Monday, January 21, 2013

Innovative policy by BB?

Bangladesh Bank bought about $648 million from commercial banks during 1 December 2012 to 16 January 2013 with the central bank's 30-day bills and Islamic bonds, instead of paying in cash. Paying in cash basically increases the cash liquidity position of banks, which may fuel inflation up, which is the logic of the central bank behind taking such decision. Definitely, this is an innovative policy!

Now, what is the other side of the coin? Extracting foreign currency from the market means that there will be a shortage of foreign currency, which may depreciate Taka against foreign currencies. If this works, then inflation will increase. (Obviously, Taka depreciation has positive impact on export and remittance earnings) Again, there was an opportunity that excess foreign currency in the market could appreciate Taka, which could help decline in inflation; so in a way, this innovative policy loses this opportunity.

BB should be more prudent while giving explanation for its policy choice. Based on the aforesaid stance, it seems that BB is more worried about exchange rate stabilization; it wants to continue to have a managed floating exchange rate regime without taking any risk for inflation prospects - which is not problem. Controlling inflation is a secondary goal in this particular case.
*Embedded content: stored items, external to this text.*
(* There exist constants $c,C>0$, infinitely many $n$, and for each such $n$ a partial Boolean function $f_n:X_n\rightarrow\{0,1\}$ with $X_n\subseteq\{0,1\}^n$, such that $WUQ(f_n)\le C$ and $WUC(f_n)\ge c\log n$.
   Context: Query model: a classical randomized query algorithm adaptively queries input bits $x_i$ (each query costs one) and outputs a bit; a quantum query algorithm alternates input-independent unitaries with the oracle $O_x:|i,b,z\rangle\mapsto|i,b\oplus x_i,z\rangle$ and measures an output bit. For an algorithm whose minimum over $x\in X$ of the probability of outputting $f(x)$ is $p>1/2$, its bias is $\beta=p-1/2$ and its weakly unbounded cost is (number of queries) $+\log(1/(2\beta))$. $WUQ(f)$ (resp. $WUC(f)$) is the minimum weakly unbounded cost over quantum (resp. classical randomized) algorithms. $\log$ is base 2. *)

From Stdlib Require List.
From HB Require Import structures.
From mathcomp Require Import all_boot all_order all_algebra.
From mathcomp Require Import all_classical all_reals all_analysis.
From mathcomp Require Import complex.
Set Implicit Arguments. Unset Strict Implicit. Unset Printing Implicit Defensive.
Import Order.TTheory GRing.Theory Num.Theory.
Local Open Scope ring_scope.

(* Inputs x in {0,1}^n ; a partial Boolean function is a domain
   X : {set input n} together with f : input n -> bool (only its values on X matter). *)
Definition input (n : nat) := {ffun 'I_n -> bool}.

Definition log2 {R : realType} (y : R) : R := ln y / ln 2.

(* minimum over x in X of the success probability (1 is the neutral element;
   success probabilities are <= 1) *)
Definition minsucc {R : realType} n (X : {set input n}) (p : input n -> R) : R :=
  \big[Num.min/1]_(x in X) p x.

Definition wu_cost {R : realType} (T : nat) (p : R) : R :=
  T%:R + log2 (1 / (2 * (p - 1/2))).

Inductive dtree (n : nat) : Type :=
| Leaf of bool
| Node of 'I_n & dtree n & dtree n.

Fixpoint dt_eval n (t : dtree n) (x : input n) : bool :=
  match t with
  | Leaf b => b
  | Node i t0 t1 => if x i then dt_eval t1 x else dt_eval t0 x
  end.

Fixpoint dt_depth n (t : dtree n) : nat :=
  match t with
  | Leaf _ => 0
  | Node _ t0 t1 => (maxn (dt_depth t0) (dt_depth t1)).+1
  end.

Record ralg (R : realType) (n : nat) := RAlg {
  ra_dist : seq (R * dtree n);
  ra_ge0 : forall p, Stdlib.Lists.List.In p ra_dist -> 0 <= p.1;
  ra_sum1 : \sum_(p <- ra_dist) p.1 = 1 }.

Arguments ra_dist {R n} r.

Definition ra_queries R n (A : ralg R n) : nat := \max_(p <- ra_dist A) dt_depth p.2.

Definition ra_succ R n (A : ralg R n) (f : input n -> bool) (x : input n) : R :=
  \sum_(p <- ra_dist A) p.1 * (dt_eval p.2 x == f x)%:R.

Definition WUC (R : realType) n (f : input n -> bool) (X : {set input n}) : R :=
  inf [set c : R | exists A : ralg R n,
        1/2 < minsucc X (ra_succ A f) /\ c = wu_cost (ra_queries A) (minsucc X (ra_succ A f))].

(* basis states |i, b, z> with workspace z in 'I_m *)
Definition qbasis (n m : nat) := ('I_n * bool * 'I_m)%type.

Definition qvec (R : realType) (T : finType) := T -> R[i].
Definition qop (R : realType) (T : finType) := T -> T -> R[i].

Definition qapply R (T : finType) (U : qop R T) (v : qvec R T) : qvec R T :=
  fun k => \sum_j U k j * v j.

Definition unitary R (T : finType) (U : qop R T) : Prop :=
  forall i j : T, \sum_k (U k i)^* * U k j = (i == j)%:R.

Definition normsq (R : realType) (z : R[i]) : R := (complex.Re z) ^+ 2 + (complex.Im z) ^+ 2.

Definition unit_vec R (T : finType) (v : qvec R T) : Prop := \sum_k normsq (v k) = 1.

Definition oracle R n m (x : input n) (v : qvec R (qbasis n m)) : qvec R (qbasis n m) :=
  fun k => v (k.1.1, k.1.2 (+) x k.1.1, k.2).

(* A quantum algorithm with T = size qa_Us queries computes
   U_T O_x ... U_1 O_x U_0 |psi0> and measures the bit register b.
   The input-independent initial state psi0 is an arbitrary unit vector
   (equivalent to starting in a fixed basis state, since U_0 is arbitrary). *)
Record qalg (R : realType) (n : nat) := QAlg {
  qa_m : nat;
  qa_psi0 : qvec R (qbasis n qa_m);
  qa_U0 : qop R (qbasis n qa_m);
  qa_Us : seq (qop R (qbasis n qa_m));
  qa_psi0_unit : unit_vec qa_psi0;
  qa_U0_unitary : unitary qa_U0;
  qa_Us_unitary : forall U, Stdlib.Lists.List.In U qa_Us -> unitary U }.

Arguments qa_m {R n} q.
Arguments qa_psi0 {R n} q.
Arguments qa_U0 {R n} q.
Arguments qa_Us {R n} q.

Definition qa_final R n (A : qalg R n) (x : input n) : qvec R (qbasis n (qa_m A)) :=
  foldl (fun v U => qapply U (oracle x v)) (qapply (qa_U0 A) (qa_psi0 A)) (qa_Us A).

Arguments qa_final {R n} A x _.

Definition qa_queries R n (A : qalg R n) : nat := size (qa_Us A).

Definition qa_succ R n (A : qalg R n) (f : input n -> bool) (x : input n) : R :=
  \sum_(k : qbasis n (qa_m A) | k.1.2 == f x) normsq (qa_final A x k).

Definition WUQ (R : realType) n (f : input n -> bool) (X : {set input n}) : R :=
  inf [set c : R | exists A : qalg R n,
        1/2 < minsucc X (qa_succ A f) /\ c = wu_cost (qa_queries A) (minsucc X (qa_succ A f))].

Arguments WUC {R n} f X.
Arguments WUQ {R n} f X.

From HB Require Import structures.
From mathcomp Require Import all_boot all_order all_algebra.
From mathcomp Require Import all_classical all_reals all_analysis.
From mathcomp Require Import complex.
From mathcomp Require Import lra ring.
Import Order.TTheory GRing.Theory Num.Theory.
Set Implicit Arguments. Unset Strict Implicit. Unset Printing Implicit Defensive.
Local Open Scope ring_scope.

(* The hard function is the inner product ip(s) = <s1, s2> of s = (s1, s2) in
   F_2^m x F_2^m, given through the Hadamard code x_s = (<v, s>)_v of length
   n = 4^m.  Quantumly one query suffices: with the target qubit in |->, the
   oracle writes the phases (-1)^<v, s>, a Hadamard transform on the index
   register recovers s exactly, and ip(s) is then written into the target, so
   WUQ <= 1.  Classically, s |-> (-1)^(t(x_s)) for a depth-d decision tree t
   has Fourier l1-norm at most 2^d, since each query multiplies by
   (1 +- chi_v)/2; as ip is bent, every character has correlation 2^m with
   (-1)^ip over the 4^m points, so the bias is at most 2^d / 2^(m+1) and the
   weakly unbounded cost is at least m = (log n)/2. *)

Lemma addr_eq0_char2 (G : zmodType) (u v : G) : v + v = 0 -> (u + v == 0) = (u == v).
Proof.
move=> vv; have oppv : - v = v by apply/esym/eqP; rewrite -addr_eq0 vv.
by rewrite addr_eq0 oppv.
Qed.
Report on the issue!       

Sunday, January 20, 2013

Reduced growth forecast by WB

The World Bank released its new 'Global Economic Prospects' report, where it is mentioned that the Bangladesh economy will grow at 5.8% in FY2013, while considering all the latest information. Just for your information, the GDP growth in FY2012 was 6.3%.

The link of the report.
News on the report.

Wednesday, January 9, 2013

IRBD 2013, CPD

Centre for Policy Dialogue (CPD) publishes its analytical review of Bangladesh's macroeconomic performance in FY2013 under its IRBD programme. Along with overall macroeconomic assessment, it provides stories on the impact of recent petroleum price increase, performance of manufacturing sector in Bangladesh, and state of governance in the banking sector.

Link of the report! 

Impact of oil price increase on agri production

Dr Abul Basher writes in the Financial Express on the impact of recent petroleum price increase on the agriculture production, applying both theoretical and empirical arguments. A noteworthy reading!

Link of the article.

Tuesday, January 1, 2013

Record amount of Remittance inflows!

The first day the new year brings wonderful new for the economy. Non-resident Bangladeshis sent an record amount of $14.2 billion in 2012. Sharp increase in manpower exports in 2010 and 2011 and rapid depreciation of Taka against US$ since early 2012 were the basic reasons of this success. Obviously, people were encouraged to send money through former bank channel, thanks to the efforts made by Bangladesh Bank and all commercial banks.

Report on the news.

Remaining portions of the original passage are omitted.